Economic recovery and increasing household incomes have played a big part in household demand, but also in encouraging property and development companies to actively promote land and build homes too. International developers and investors have also been an important part of the story.
Foreign developers and investors have accounted for a small number of land transactions since 2012 but, where they are active, their intentions are large. When calculated by number of potential units on these land holdings, international developers and investors in London land account for around a quarter of the long term development pipeline.
These include high-profile deals such as Malaysia’s SP Setia at Battersea Power Station, China’s ABP at Royal Albert Docks, and Hong Kong’s Knight Dragon at Greenwich Peninsula.
Globally-active foreign players bring with them the financial backing to get these vast and challenging sites off the ground, unlocking much-needed new housing supply. These developers are accustomed to delivering development at huge scale in their home markets, and bring with them significant expertise in large scale delivery.
Meanwhile, finance from foreign banks and institutions is funding many of London’s new schemes – even if they are being undertaken by UK developers. Foreign lenders, most notably German banks, underpinned the market during the downturn. UK-based banks are now showing renewed appetite to lend and the number of new lenders has grown rapidly.
In London development finance, 63% of financiers fall into the ‘other lenders’ category.
Such is the strength of performance in the UK real estate sector (commercial property included) that there is a significant imbalance between opportunities for lending, which currently stand at £40 billion, compared to lender ambitions of £75 billion, according to Savills figures. This will encourage funders into secondary, non-core locations and possibly into more specialist and non-core types of property.

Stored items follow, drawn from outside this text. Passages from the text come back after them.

(* A morphism of R-modules F : M -> N^*, written out: F_S(m) in N^*(S) for
   each m in M(S); F_S is S-linear (N^*(S) has pointwise addition and
   (a.w)_(T,i) = i(a) w_(T,i)); F is natural, where for g : S -> S',
   N^*(g)(w)_(T,i') = w_(T, i' \o g). *)
Definition is_hom_to_dual (R : comPzRingType) (M N : RMod R)
  (F : forall S : ralg R, mcar M S -> dual_family N S) : Prop :=
  (forall (S : ralg R) (m : mcar M S), is_dual_elt (F S m)) /\
  (forall (S : ralg R) (m m' : mcar M S) (T : ralg R) (i : rhom S T) (n : mcar N T),
     F S (madd m m') T i n = F S m T i n + F S m' T i n) /\
  (forall (S : ralg R) (a : S) (m : mcar M S) (T : ralg R) (i : rhom S T) (n : mcar N T),
     F S (mscale a m) T i n = i a * F S m T i n) /\
  (forall (S S' : ralg R) (g : rhom S S') (m : mcar M S) (T : ralg R)
          (i : rhom S' T) (j : rhom S T),
     (forall s, i (g s) = j s) ->
     forall n : mcar N T, F S' (mmap g m) T i n = F S m T j n).

(* Forward direction: a morphism F : M -> N^* and n in N(T) give the element
   x |-> F(x)(n) of M^*(T), whose restriction to M(R) is determined by F_R;
   dual separation then pins down F.  Backward direction: take for N the
   submodule of M^* of forms vanishing on the image of M(R); evaluation
   M -> N^* agrees with the zero morphism on M(R), so it is zero, i.e. two
   forms of M^*(S) agreeing on M(R) agree everywhere. *)
From Stdlib Require Import FunctionalExtensionality ProofIrrelevance.
From HB Require Import structures.
From mathcomp Require Import all_boot all_algebra.
Set Implicit Arguments. Unset Strict Implicit. Unset Printing Implicit Defensive.
Import GRing.Theory.
Local Open Scope ring_scope.

Lemma ring_hom0 {A B : comPzRingType} {f : A -> B} : is_ring_hom f -> f 0 = 0.
Proof. by move=> [fD _]; apply: (@addrI _ (f 0)); rewrite -fD !addr0. Qed.

Lemma ring_homN {A B : comPzRingType} {f : A -> B} :
  is_ring_hom f -> forall x, f (- x) = - f x.
Proof.
move=> f_hom x; have [fD _] := f_hom; apply: (@addrI _ (f x)).
by rewrite -fD !subrr (ring_hom0 f_hom).
Qed.

Section AlgebraMorphisms.
Variable R : comPzRingType.

Lemma rhom_ext (S T : ralg R) (f g : rhom S T) : f =1 g -> f = g.
Proof.
case: f g => f fR fS [g gR gS] /= /functional_extensionality fg; subst g.
by rewrite (proof_irrelevance _ fR gR) (proof_irrelevance _ fS gS).
Qed.

Lemma comp_hom_id (S T : ralg R) (f : rhom S T) : comp_hom f (id_hom S) = f.
Proof. exact: rhom_ext. Qed.

Lemma comp_id_hom (S T : ralg R) (f : rhom S T) : comp_hom (id_hom T) f = f.
Proof. exact: rhom_ext. Qed.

In the London residential sector, this means outer London locations, supported by domestic end-users. This should mean more supply where it is most needed, in the lower and mid mainstream markets. It should also start to lessen the perception that only prime central, international London is being built.
If housebuilding can be increased, this would do much to lessen the fear of overseas involvement. If home building is to be increased, overseas funders, developers, land owners and promoters – and even landlords and end-owners will be instrumental in enabling it to do so. We should expect nothing less in a global city.